Pt# 10, a minor, presented to the Emergency Department (ED) by law enforcement on an Emergency Petition due to self-injurious and threatening behaviors. On arrival to the ED at 1450hrs, Pt#10 was documented as "physically aggressive" and "a risk to self and others". Pt# 10 was placed into 4-point violent restraints at 1500hrs and remained in 4-point restraints until 1600hrs. No evidence was found in the chart of a face-to-face assessment.
Tag No.: A0183
Based on review of nine open and six closed medical records, including two restraint/seclusion patient records, it was determined that the hospital failed to properly monitor a patient in simultaneous restraint and seclusion.
Pt #1 presented to the emergency department (ED) with an acute medical problem and reported not feeling well. Pt#1 also had a history of a mental illness. Documentation within the record indicted patient became increasingly disruptive and the patient was placed in the Behavioral Health Unit (BHU) within the ED.

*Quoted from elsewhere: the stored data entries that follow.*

(* Let $T$ be a Grothendieck topology on a category $\mathscr{C}$, and let $\mathrm{Uni}(T)$ denote the singleton Grothendieck topology whose coverings are all universal $T$-locally split morphisms. Then: (a) $\mathrm{Uni}(T)\sim T$; in particular every Grothendieck topology is equivalent to a singleton one. (b) For Grothendieck topologies $T_1,T_2$ on $\mathscr{C}$: $T_1\prec T_2$ if and only if $\mathrm{Uni}(T_1)\subset\mathrm{Uni}(T_2)$, and $T_1\sim T_2$ if and only if $\mathrm{Uni}(T_1)=\mathrm{Uni}(T_2)$. (c) If $T$ is singleton, then $T\subset\mathrm{Uni}(T)$. (d) $\mathrm{Uni}(\mathrm{Uni}(T))=\mathrm{Uni}(T)$.
   Context: A Grothendieck topology $T$ on $\mathscr{C}$ assigns to each object $X$ a set of families $(\pi_i:U_i\to X)_{i\in I}$ (''coverings'') such that isomorphisms form singleton coverings, coverings of members of a covering compose to coverings, and coverings pull back (pullbacks existing) along arbitrary morphisms to coverings. It is singleton if all coverings have a one-element index set. A morphism is universal if its pullback along every morphism exists. A morphism $\pi:Y\to X$ is $T$-locally split if there is a covering $(\pi_i:U_i\to X)$ and morphisms $\rho_i:U_i\to Y$ with $\pi\circ\rho_i=\pi_i$. $T_1\prec T_2$ means every universal $T_1$-locally split morphism is $T_2$-locally split; $T_1\sim T_2$ means both $T_1\prec T_2$ and $T_2\prec T_1$. $T_1\subset T_2$ means every $T_1$-covering is a $T_2$-covering. *)

Set Implicit Arguments.
Unset Strict Implicit.

Record Category := {
  Ob : Type;
  Hom : Ob -> Ob -> Type;
  comp : forall {X Y Z : Ob}, Hom Y Z -> Hom X Y -> Hom X Z;
  idm : forall X : Ob, Hom X X;
  comp_assoc : forall (W X Y Z : Ob) (h : Hom Y Z) (g : Hom X Y) (f : Hom W X),
      comp h (comp g f) = comp (comp h g) f;
  comp_id_l : forall (X Y : Ob) (f : Hom X Y), comp (idm Y) f = f;
  comp_id_r : forall (X Y : Ob) (f : Hom X Y), comp f (idm X) = f
}.

Arguments comp {c X Y Z} _ _.
Arguments idm {c} X.
Arguments Hom c _ _ : clear implicits.
Arguments Ob c : clear implicits.

Section Topologies.
Variable C : Category.

Record Fam (X : Ob C) := {
  idx : Type;
  fdom : idx -> Ob C;
  farr : forall i : idx, Hom C (fdom i) X
}.
Arguments idx {X} f.
Arguments fdom {X} f i.
Arguments farr {X} f i.

Definition is_iso (X Y : Ob C) (f : Hom C Y X) : Prop :=
  exists g : Hom C X Y, comp f g = idm X /\ comp g f = idm Y.

Definition is_pullback (X Y Z : Ob C) (f : Hom C Y X) (g : Hom C Z X)
    (P : Ob C) (p1 : Hom C P Y) (p2 : Hom C P Z) : Prop :=
  comp f p1 = comp g p2 /\
  forall (Q : Ob C) (q1 : Hom C Q Y) (q2 : Hom C Q Z),
    comp f q1 = comp g q2 ->
    exists! u : Hom C Q P, comp p1 u = q1 /\ comp p2 u = q2.

Definition Coverings := forall X : Ob C, Fam X -> Prop.

Definition single_fam (X Y : Ob C) (f : Hom C Y X) : Fam X :=
  {| idx := unit; fdom := fun _ => Y; farr := fun _ => f |}.

Definition comp_fam (X : Ob C) (F : Fam X)
    (G : forall i : idx F, Fam (fdom F i)) : Fam X :=
  {| idx := { i : idx F & idx (G i) };
     fdom := fun ij => fdom (G (projT1 ij)) (projT2 ij);
     farr := fun ij => comp (farr F (projT1 ij)) (farr (G (projT1 ij)) (projT2 ij)) |}.

Definition is_GT (T : Coverings) : Prop :=
  (forall (X Y : Ob C) (f : Hom C Y X), is_iso f -> T X (single_fam f)) /\
  (forall (X : Ob C) (F : Fam X) (G : forall i : idx F, Fam (fdom F i)),
      T X F -> (forall i, T (fdom F i) (G i)) -> T X (comp_fam G)) /\
  (forall (X : Ob C) (F : Fam X), T X F ->
     forall (Y : Ob C) (g : Hom C Y X),
       (forall i : idx F, exists (P : Ob C) (p1 : Hom C P (fdom F i)) (p2 : Hom C P Y),
            is_pullback (farr F i) g p1 p2) /\
       (forall (P : idx F -> Ob C) (p1 : forall i, Hom C (P i) (fdom F i))
               (p2 : forall i, Hom C (P i) Y),
          (forall i, is_pullback (farr F i) g (p1 i) (p2 i)) ->
          T Y {| idx := idx F; fdom := P; farr := p2 |})).

Definition one_element (I : Type) : Prop := exists i0 : I, forall j : I, j = i0.

Definition is_singleton (T : Coverings) : Prop :=
  forall (X : Ob C) (F : Fam X), T X F -> one_element (idx F).

Definition universal (X Y : Ob C) (pi : Hom C Y X) : Prop :=
  forall (Z : Ob C) (g : Hom C Z X),
    exists (P : Ob C) (p1 : Hom C P Y) (p2 : Hom C P Z), is_pullback pi g p1 p2.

Record review revealed on the second day Pt#1 was in the ED, Pt #1 was placed in both violent 4-point restraints and locked door seclusion at 1300hrs. Per restraint flow sheet, the RN documented at 1315hrs under "Restraint Care Needs Q1 Hour" " ...locked door, restraints." Per technician progress note at 1316hrs, it was documented "light and door shut to encourage pt to sleep." The provider face-to-face assessment also listed both seclusion and physical restraints as the "Behavioral restraint types" for this episode. Per surveyor review of the behavioral health unit, rooms did not have audio monitoring capability. Pt #1 was placed in simultaneous restraint and seclusion with the lights off. No evidence of continuous 1:1 safety monitoring of Pt #1 during the episode was found in the medical record. Pt # 1 was released from restraints at 1351.